**WORK INSTRUCTION**
Your task is to copy the stretch of lines in the records below that begins with the line containing "rewrite exchange_big /=;" and ends with the line containing "have k_dvd : (p", exactly as written, with nothing added.

**ENTRIES PROVIDED**
• • • • • • •

Variables p q : nat.
Hypotheses (p_prime : prime p) (q_prime : prime q) (p_neq_q : p != q).

Local Notation n := (p ^ 2 * q ^ 2)%N.
Local Notation vp k := (logn p (gcdn k n)).
Local Notation vq k := (logn q (gcdn k n)).

Variable D : seq nat.

Lemma ICG_weight m :
  (if gcdn (m %% n) n \in D then 1 else 0) =
  \sum_(e <- exps p q D) (gcdn m n == p ^ e.1 * q ^ e.2)%N%:R :> algC.
Proof.
have [g_eq vp_le2 vq_le2] := dvdn_pq_logn p_prime q_prime p_neq_q (dvdn_gcdr m n).
rewrite gcdn_modl big_filter big_mkcond /=.
rewrite (bigD1_seq (vp m, vq m)) ?mem_exp_pairs ?vp_le2 //= -g_eq eqxx big1 ?addr0.
  by case: ifP.
move=> [a b] ab_neq; rewrite [in gcdn m n == _]g_eq eqn_pq // eq_sym (negbTE ab_neq).
by case: ifP.
Qed.

Lemma eigenvalue_ICG x :
  eigenvalue (ICG_adj n D) x = (x \in map ZtoC (eig_values p q (exps p q D))).
Proof.
have n_gt0 := n_gt0 p_prime q_prime.
have [w w_prim] := C_prim_root_exists n_gt0.
pose a m : algC := if gcdn (m %% n) n \in D then 1 else 0.
have a_periodic m : a (m + n)%N = a m by rewrite /a modnDr.
have ICG_circ : ICG_adj n D = circulant n a by apply/matrixP => i j; rewrite !mxE.
have eigval_ICG k : circulant_eigval n w a k =
    ZtoC (eval9 (eig_poly (exps p q D) (vp k, vq k)) (BinInt.Z.of_nat p) (BinInt.Z.of_nat q)).
  rewrite ZtoC_eig_poly /circulant_eigval.
  under eq_bigr do rewrite /a ICG_weight mulr_suml.
  rewrite exchange_big /=; apply: eq_bigr => e _.
  exact: sum_gcd_class.
rewrite ICG_circ /eig_values /eig_polys -!map_comp.
apply/idP/mapP => [|[[i j] ij_in ->]].
  move=> /(circulant_eigenvalueP w_prim a_periodic)[k ->].
  have [_ vp_le2 vq_le2] := dvdn_pq_logn p_prime q_prime p_neq_q (dvdn_gcdr k n).
  by exists (vp k, vq k); rewrite ?mem_exp_pairs ?vp_le2 ?eigval_ICG.
move: ij_in; rewrite mem_exp_pairs => /andP[i_le2 j_le2].
have k_dvd : (p ^ i * q ^ j %| n)%N by rewrite dvdn_mul // dvdn_exp2l.
have := circulant_eigenvalue w_prim a_periodic (p ^ i * q ^ j).
by rewrite eigval_ICG (gcdn_idPl k_dvd) lognp_pq // lognq_pq; exact: id.
Qed.

Hypothesis D_proper : proper_divisor_set n D.

Lemma mem_exps d : (d \in D) = (d %| n)%N && ((logn p d, logn q d) \in exps p q D).
Proof.
apply/idP/andP => [d_in|[d_dvd]].
  have /andP[d_dvd _] := D_proper d_in.
  have [d_eq vp_le2 vq_le2] := dvdn_pq_logn p_prime q_prime p_neq_q d_dvd.
  by rewrite mem_filter mem_exp_pairs /= -d_eq d_in vp_le2 vq_le2.
have [d_eq _ _] := dvdn_pq_logn p_prime q_prime p_neq_q d_dvd.
by rewrite mem_filter /= -d_eq => /andP[].
Qed.

Lemma exps_in_patterns : 1%N \in D -> exps p q D \in patterns.
Proof.
move=> one_in; rewrite mem_filter filter_subseqs andbT !mem_filter /= muln1 one_in /=.
by apply/negP => /andP[n_in _]; have := D_proper n_in; rewrite eqxx andbF.
Qed.

End ICGSpectrum.

Lemma eigenvalue_Spec n (A : 'M[algC]_n) x : eigenvalue A x = (0 < Spec A x)%N.
Proof. by rewrite eigenvalue_root_char -dvdp_XsubCl XsubC_dvd // monic_neq0 // char_poly_monic. Qed.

• • • • • • •

**OUTPUT FOR THIS EXERCISE**
  rewrite exchange_big /=; apply: eq_bigr => e _.
  exact: sum_gcd_class.
rewrite ICG_circ /eig_values /eig_polys -!map_comp.
apply/idP/mapP => [|[[i j] ij_in ->]].
  move=> /(circulant_eigenvalueP w_prim a_periodic)[k ->].
  have [_ vp_le2 vq_le2] := dvdn_pq_logn p_prime q_prime p_neq_q (dvdn_gcdr k n).
  by exists (vp k, vq k); rewrite ?mem_exp_pairs ?vp_le2 ?eigval_ICG.
move: ij_in; rewrite mem_exp_pairs => /andP[i_le2 j_le2].
have k_dvd : (p ^ i * q ^ j %| n)%N by rewrite dvdn_mul // dvdn_exp2l.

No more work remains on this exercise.